All of the connection-handling subtasks are created within the scope, so it is easy to see their purpose in a thread dump, which will display them as children of the scope's owner. It is also easy to shut down the entire service as a unit.

Observability

We extend the new JSON thread-dump format added by JEP 444 to show StructuredTaskScope's grouping of threads into a hierarchy:

$ jcmd <pid> Thread.dump_to_file -format=json <file>

The JSON object for each scope contains an array of the threads forked in the scope, together with their stack traces. The owning thread of a scope will typically be blocked in a join method waiting for subtasks to complete; the thread dump makes it easy to see what the subtasks' threads are doing by showing the tree hierarchy imposed by structured concurrency. The JSON object for a scope also has a reference to its parent so that the structure of the program can be reconstituted from the dump.

The com.sun.management.HotSpotDiagnosticsMXBean API can also be used to generate such thread dumps, either directly or indirectly via the platform MBeanServer and a local or remote JMX tool.

Why doesn't fork(...) return a Future?

When the StructuredTaskScope API was incubating, the fork(...) method returned a Future. This provided a sense of familiarity, by making fork(...) resemble the existing ExecutorService::submit method. However, given that StructuredTaskScope is intended to be used differently from ExecutorService — in a structured way, as described above — the use of Future brought more confusion than clarity.

• The familiar use of Future involves calling its get() method, which blocks until a result is available. But in the context of StructuredTaskScope, using Future in this way is not only discouraged but is counterproductive. Structured Future objects should be queried only after join() returns, at which point they are known to be completed or cancelled, and the method that should be used is not the familiar get() but rather the newly introduced resultNow(), which never blocks.

• Some developers wondered why fork(...) did not return more capable CompletableFuture objects instead. Since the Future returned by fork(...) should only be used after it is known to have completed, CompletableFuture would have offered no benefit since its advanced features are helpful only for uncompleted futures. In addition, CompletableFuture is designed for the asynchronous programming paradigm, whereas StructuredTaskScope encourages the blocking paradigm.

  Future and CompletableFuture are, in short, designed to offer degrees of freedom that are counterproductive in structured concurrency.

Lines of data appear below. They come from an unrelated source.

(* Let $a,b$ be integers with $0<b<a$, let $S=\langle a,a+1,\ldots,a+b\rangle$ with conductor $c$ and genus $g$, and let $m\ge 2c-1$. Let $m=m_1<m_2<\cdots<m_t$ be integers such that $\{m_1,\ldots,m_t\}$ is amenable, and assume that $\{m_1,\ldots,m_t\}\cap[m,m+a+b)=\{m,m+1,\ldots,m+l-1\}$ for some positive integer $l$. Then $$\sharp\mathrm D(m_1,\ldots,m_t)=m-2g+t+\sum_{j=1}^{l-1}\left\lceil\frac{a-j}{b}\right\rceil.$$
   Context: The genus of a numerical semigroup $S$ is $g=\sharp(\mathbb N\setminus S)$ and its conductor $c$ is the least element of $S$ with $c+n\in S$ for all $n\in\mathbb N$. For $x\in S$, $\mathrm D(x)=\{\alpha\in S\mid x-\alpha\in S\}$, and $\mathrm D(x_1,\ldots,x_t)=\mathrm D(x_1)\cup\cdots\cup\mathrm D(x_t)$. A set $M=\{m_1<\cdots<m_t\}\subseteq S$ with $2c-1\le m=m_1$ is amenable if $\mathrm D(m_i)\cap[m,\infty)\subseteq M$ for all $i$. *)

From mathcomp Require Import all_boot all_order all_algebra.
Set Implicit Arguments. Unset Strict Implicit. Unset Printing Implicit Defensive.

(* Computed by recursion with fuel; since a > 0 every
   generator is >= 1, so fuel n suffices to decide membership of n. *)
Fixpoint memS_fuel (a b fuel n : nat) : bool :=
  match fuel with
  | 0 => n == 0
  | f.+1 => (n == 0) ||
      [exists i : 'I_b.+1, (a + i <= n) && memS_fuel a b f (n - (a + i))]
  end.

Definition inS (a b n : nat) : bool := memS_fuel a b n n.
(* Let $n\ge 2k\ge 2$, let $S\subseteq\{0,1,\ldots,k-1\}$ be nonempty, and let $X=\bigcup_{i\in S}J(n,k,i)$ (the graph on the $k$-subsets of $\{1,\ldots,n\}$ in which $A\sim B$ iff $|A\cap B|\in S$). If there is perfect state transfer in $X$ between two distinct vertices $A$ and $B$, then $B=\{1,\ldots,n\}\setminus A$.
   Context: $J(n,k,i)$ is the graph on the $k$-subsets of $\{1,\ldots,n\}$ with $A\sim B$ iff $|A\cap B|=i$. For a simple graph $X$ with adjacency matrix $A$, let $\mathcal{H}_X(t)=e^{itA}$; there is perfect state transfer between vertices $u\ne v$ if $|\mathcal{H}_X(\tau)_{u,v}|=1$ for some $\tau>0$. *)

From HB Require Import structures.
From Stdlib Require Import Reals.
From mathcomp Require Import all_boot.
Set Implicit Arguments. Unset Strict Implicit. Unset Printing Implicit Defensive.

Definition jvert (n k : nat) := {A : {set 'I_n} | #|A| == k}.

Definition jadj (n k : nat) (S : seq nat) : rel (jvert n k) :=
  fun A B => #|val A :&: val B| \in S.

(* (A^m)_{uv} for the adjacency matrix A of the graph (T,e): number of walks. *)
Fixpoint walks (T : finType) (e : rel T) (m : nat) (u v : T) : nat :=
  match m with
  | 0 => nat_of_bool (u == v)
  | m'.+1 => \sum_(w : T | e u w) walks e m' w v
  end.

Local Open Scope R_scope.
Theorem mainTheorem6 (xim lam mu T : R)
  (hxim : 0 < xim) (hlam : 0 < lam) (hmu0 : 0 <= mu) (hmu : mu <= xim)
  (hT : 0 < T) :
  ((exists D : R, 0 < D /\ xim / lam = gapRHS xim mu T D)
     <-> xim / lam < gapThreshold xim mu T)
  /\ (forall D1 D2 : R, 0 < D1 -> 0 < D2 ->
        xim / lam = gapRHS xim mu T D1 ->
        xim / lam = gapRHS xim mu T D2 -> D1 = D2).
Proof.
  assert (Hc : 0 < 2 * T) by lra.
  assert (Hy : 0 < xim / lam) by (apply Rdiv_lt_0_compat; lra).
  rewrite <- gap0_eq_gapThreshold by lra.
  split; [split|].
  - intros [D [HD ->]]. rewrite <- gap_eq_gapRHS by lra. apply gap_lt_gap0; assumption.
  - intros Hlt.
    destruct (gap_eventually_lt (2 * T) Hc xim mu hxim hmu0 hmu (xim / lam) Hy) as [D [HD HgD]].
    destruct (IVT_gen (gap (2 * T) xim mu) 0 D (xim / lam)) as [x [Hx Hgx]].
    + apply continuity_gap, hmu0.
    + rewrite Rmin_right, Rmax_left; lra.
    + rewrite Rmin_left, Rmax_right in Hx by lra.
      assert (x <> 0) by (intros ->; lra).
      exists x. split; [lra|]. rewrite <- gap_eq_gapRHS by lra. congruence.
  - intros D1 D2 H1 H2 E1 E2. rewrite <- gap_eq_gapRHS in E1, E2 by lra.
    apply (gap_inj (2 * T) Hc xim mu hxim hmu0 hmu); [exact H1 | exact H2 | congruence].
Qed.
(* Let $E$ be a finite-dimensional complex Hilbert space, $e\in E$ a unit vector, $\tau\in(0,1)$, $\rho:=1-\tau$, and let $T_0\in B(E)_+$ be strictly positive. Define $$T_{n+1}:=T_n^{1/2}\bigl(I_E-\tau|e\rangle\langle e|\bigr)T_n^{1/2}\qquad(n\ge0).$$ Then each $T_n$ is strictly positive and $$T_{n+1}^{-1}=T_n^{-1}+\frac{\tau}{\rho}\,|T_n^{-1/2}e\rangle\langle T_n^{-1/2}e|.$$ Setting $\beta_n:=\langle e,T_n^{-1}e\rangle$ and $s_n:=\mathrm{tr}(T_n^{-1})$, one has $$\beta_{n+1}-\beta_n=\frac{\tau}{\rho}|\langle e,T_n^{-1/2}e\rangle|^2,\qquad s_{n+1}-s_n=\frac{\tau}{\rho}\beta_n.$$ In particular, for all $n\ge0$, $$\beta_n\ge\beta_0+n\frac{\tau}{\rho\|T_0\|},\qquad s_n\ge s_0+\frac{\tau}{\rho}n\beta_0+\frac{\tau^2}{2\rho^2\|T_0\|}n(n-1).$$ Consequently there is a constant $C>0$ depending only on $T_0$ and $\tau$ such that $$\lambda_{\min}(T_n)\le\frac{\dim E}{s_n}\le\frac{C}{n^2}\qquad(n\ge1).$$
   Context: For vectors $x,y$, $|x\rangle\langle y|$ denotes the operator $z\mapsto\langle y,z\rangle x$. $B(E)_+$ denotes positive operators; $T^{1/2}$, $T^{-1/2}$ are the positive square root and its inverse. $\lambda_{\min}(T)$ is the smallest eigenvalue of $T$. *)

From HB Require Import structures.
From mathcomp Require Import all_boot all_order all_algebra.
From mathcomp Require Import complex.
From mathcomp Require Import boolp classical_sets reals.

Set Implicit Arguments.
Unset Strict Implicit.
Unset Printing Implicit Defensive.

Import Order.TTheory GRing.Theory Num.Theory.
Local Open Scope ring_scope.

Section Defs.
Variable R : realType.
Local Notation C := R[i].
Variable d : nat.
Local Notation vec := 'cV[C]_d.
Local Notation op := 'M[C]_d.

Definition adjmx m n (A : 'M[C]_(m, n)) : 'M[C]_(n, m) := (map_mx (@conjc R) A)^T.

(* <x, y>, conjugate-linear in the first argument, linear in the second *)
Definition inner (x y : vec) : C := (adjmx x *m y) 0 0.

Definition vnorm (x : vec) : R := Num.sqrt (complex.Re (inner x x)).

Definition ketbra (x y : vec) : op := x *m adjmx y.

Definition psdmx (A : op) : Prop :=
  adjmx A = A /\ forall x : vec, 0 <= inner x (A *m x).
Definition pdmx (A : op) : Prop :=
  adjmx A = A /\ forall x : vec, x != 0 -> 0 < inner x (A *m x).

Definition psd_sqrt (A : op) : op :=
  xget 0 [set S : op | psdmx S /\ S *m S = A].

Definition opnorm (A : op) : R :=
  sup [set r : R | exists x : vec, vnorm x = 1 /\ r = vnorm (A *m x)].

(* smallest eigenvalue (of a self-adjoint operator, whose eigenvalues are real) *)
Definition lambda_min (A : op) : R :=
  inf [set r : R | eigenvalue A (real_complex R r)].

Fixpoint Tseq (tau : R) (e : vec) (T0 : op) (n : nat) : op :=
  match n with
  | 0 => T0
  | n'.+1 => let S := psd_sqrt (Tseq tau e T0 n') in
             S *m (1%:M - real_complex R tau *: ketbra e e) *m S
  end.

End Defs.

From HB Require Import structures.
From mathcomp Require Import all_boot all_order all_algebra.
From mathcomp Require Import complex.
From mathcomp Require Import boolp classical_sets reals.
From mathcomp Require Import spectral sesquilinear.
From mathcomp Require Import ring lra.

(* Write T_n = S^2 with S := T_n^{1/2} and E := |e><e|, so that
   T_{n+1} = S (I - tau E) S.  As E is a projection, (I - tau E)^{-1} =
   I + (tau/rho) E, which gives the rank-one update of the inverse and, taking
   <e, . e> and traces, the two recurrences.  The step only shrinks the form
   <x, T x>, so <e, T_n e> <= ||T_0||, while Cauchy-Schwarz for the form of S
   gives |<e, S^{-1} e>|^2 <e, T_n e> >= 1: hence beta_n grows at least
   linearly and s_n at least quadratically.  Finally s_n = sum_j 1/lambda_j(T_n)
   is at most dim E / lambda_min(T_n). *)

Import Order.TTheory GRing.Theory Num.Theory.
Local Open Scope ring_scope.

Set Implicit Arguments.
Unset Strict Implicit.
Unset Printing Implicit Defensive.

Lemma mulmx1_invmx (F : comUnitRingType) n (A B : 'M[F]_n) :
  A *m B = 1%:M -> invmx A = B.
Proof.
by move=> AB; have [uA _] := mulmx1_unit AB; rewrite -[LHS]mulmx1 -AB mulKmx.
Qed.

Lemma invmxM (F : comUnitRingType) n (A B : 'M[F]_n) :
  A \in unitmx -> B \in unitmx -> invmx (A *m B) = invmx B *m invmx A.
Proof.
by move=> uA uB; apply: mulmx1_invmx; rewrite -mulmxA (mulKVmx uB) mulmxV.
Qed.

Lemma cV_neq0_dim_gt0 (V : nmodType) n (x : 'cV[V]_n) : x != 0 -> (0 < n)%N.
Proof. by case: n x => // x; rewrite flatmx0 eqxx. Qed.

Section Adjoint.
Variable R : realType.
Local Notation C := R[i].
(* [ring_scope] is reopened last so that [x^*] is [Num.conj], which is [conjc]
   (the conjugation in [adjmx]) up to conversion but has the library theory. *)
Local Open Scope complex_scope.
Local Open Scope ring_scope.

Lemma conjC_real (r : R) : (r%:C)^* = r%:C :> C.
Proof. exact: conjc_real. Qed.

Lemma adjmxK m n (A : 'M[C]_(m, n)) : adjmx (adjmx A) = A.
Proof. by apply/matrixP => i j; rewrite !mxE conjcK. Qed.

Lemma adjmxM m n p (A : 'M[C]_(m, n)) (B : 'M[C]_(n, p)) :
  adjmx (A *m B) = adjmx B *m adjmx A.
Proof. by rewrite /adjmx map_mxM trmx_mul. Qed.

Lemma adjmxB m n (A B : 'M[C]_(m, n)) : adjmx (A - B) = adjmx A - adjmx B.
Proof. by rewrite /adjmx map_mxB linearB. Qed.

Lemma adjmxZ m n a (A : 'M[C]_(m, n)) : adjmx (a *: A) = a^* *: adjmx A.
Proof. by rewrite /adjmx map_mxZ linearZ. Qed.

Lemma adjmx1 n : adjmx (1%:M : 'M[C]_n) = 1%:M.
Proof. by rewrite /adjmx map_mx1 trmx1. Qed.

Lemma adjmx_inv n (A : 'M[C]_n) : adjmx (invmx A) = invmx (adjmx A).
Proof. by rewrite /adjmx map_invmx trmx_inv. Qed.

Lemma adjmx_diag n (v : 'rV[C]_n) : adjmx (diag_mx v) = diag_mx (map_mx Num.conj v).
Proof. by rewrite /adjmx map_diag_mx tr_diag_mx. Qed.

Lemma adjmx_tr_conj m n (A : 'M[C]_(m, n)) : (A ^t Num.conj)%sesqui = adjmx A.
Proof. by apply/matrixP => i j; rewrite !mxE. Qed.

End Adjoint.

Section InnerProduct.
Variables (R : realType) (d : nat).
Local Notation C := R[i].
Local Notation vec := 'cV[C]_d.
Local Notation op := 'M[C]_d.
Local Open Scope complex_scope.
Local Open Scope ring_scope.
Implicit Types (x y z : vec) (A P : op).

Lemma innerE x y : inner x y = \sum_i (x i 0)^* * y i 0.
Proof. by rewrite /inner mxE; apply: eq_bigr => i _; rewrite !mxE. Qed.

Lemma inner_conj x y : (inner x y)^* = inner y x.
Proof.
rewrite !innerE rmorph_sum; apply: eq_bigr => i _.
by rewrite rmorphM /= conjCK mulrC.
Qed.

Lemma inner_adjmx x y A : inner x (A *m y) = inner (adjmx A *m x) y.
Proof. by rewrite /inner adjmxM adjmxK mulmxA. Qed.

Lemma innerDl x y z : inner (x + y) z = inner x z + inner y z.
Proof. by rewrite /inner /adjmx map_mxD linearD mulmxDl mxE. Qed.

Lemma innerDr x y z : inner x (y + z) = inner x y + inner x z.
Proof. by rewrite /inner mulmxDr mxE. Qed.

Lemma innerBr x y z : inner x (y - z) = inner x y - inner x z.
Proof. by rewrite /inner mulmxBr [LHS]mxE [X in _ + X]mxE. Qed.

Lemma innerZl a x y : inner (a *: x) y = a^* * inner x y.
Proof. by rewrite /inner adjmxZ -scalemxAl mxE. Qed.

Lemma innerZr a x y : inner x (a *: y) = a * inner x y.
Proof. by rewrite /inner -scalemxAr mxE. Qed.

Lemma inner_ge0 x : 0 <= inner x x.
Proof. by rewrite innerE; apply: sumr_ge0 => i _; rewrite mulrC mul_conjC_ge0. Qed.

Lemma inner_eq0 x : (inner x x == 0) = (x == 0).
Proof.
apply/idP/eqP => [|->]; last by rewrite /inner mulmx0 mxE.
rewrite innerE psumr_eq0 => [/allP x0|i _]; last by rewrite mulrC mul_conjC_ge0.
apply/matrixP => i j; rewrite ord1 mxE.
by have := x0 i (mem_index_enum _); rewrite mulrC -normCK sqrf_eq0 normr_eq0 => /eqP.
Qed.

• Structured concurrency is about treating multiple tasks running in different threads as a single unit of work, whereas Future is mostly useful when treating multiple tasks as individual tasks. A scope should block only once to await its subtasks' results, and it should then process exceptions centrally. In the vast majority of cases, therefore, the only method that should be called on a Future returned from fork(...) was resultNow(). This was a marked change from the ordinary use of Future, and the Future interface served as a distraction from its proper use in this context.

In the current API, Subtask::get() behaves exactly as Future::resultNow() did when the API was incubating.

Alternatives

• Enhance the ExecutorService interface. We prototyped an implementation of this interface that always enforces structure and restricts which threads can submit tasks. However, we found it to be problematic because most uses of ExecutorService (and its parent interface Executor) in the JDK and in the ecosystem are not structured. Reusing the same API for a far more restricted concept is bound to cause confusion. For example, passing a structured ExecutorService instance to existing methods that accept this type would be all but certain to throw exceptions in most situations.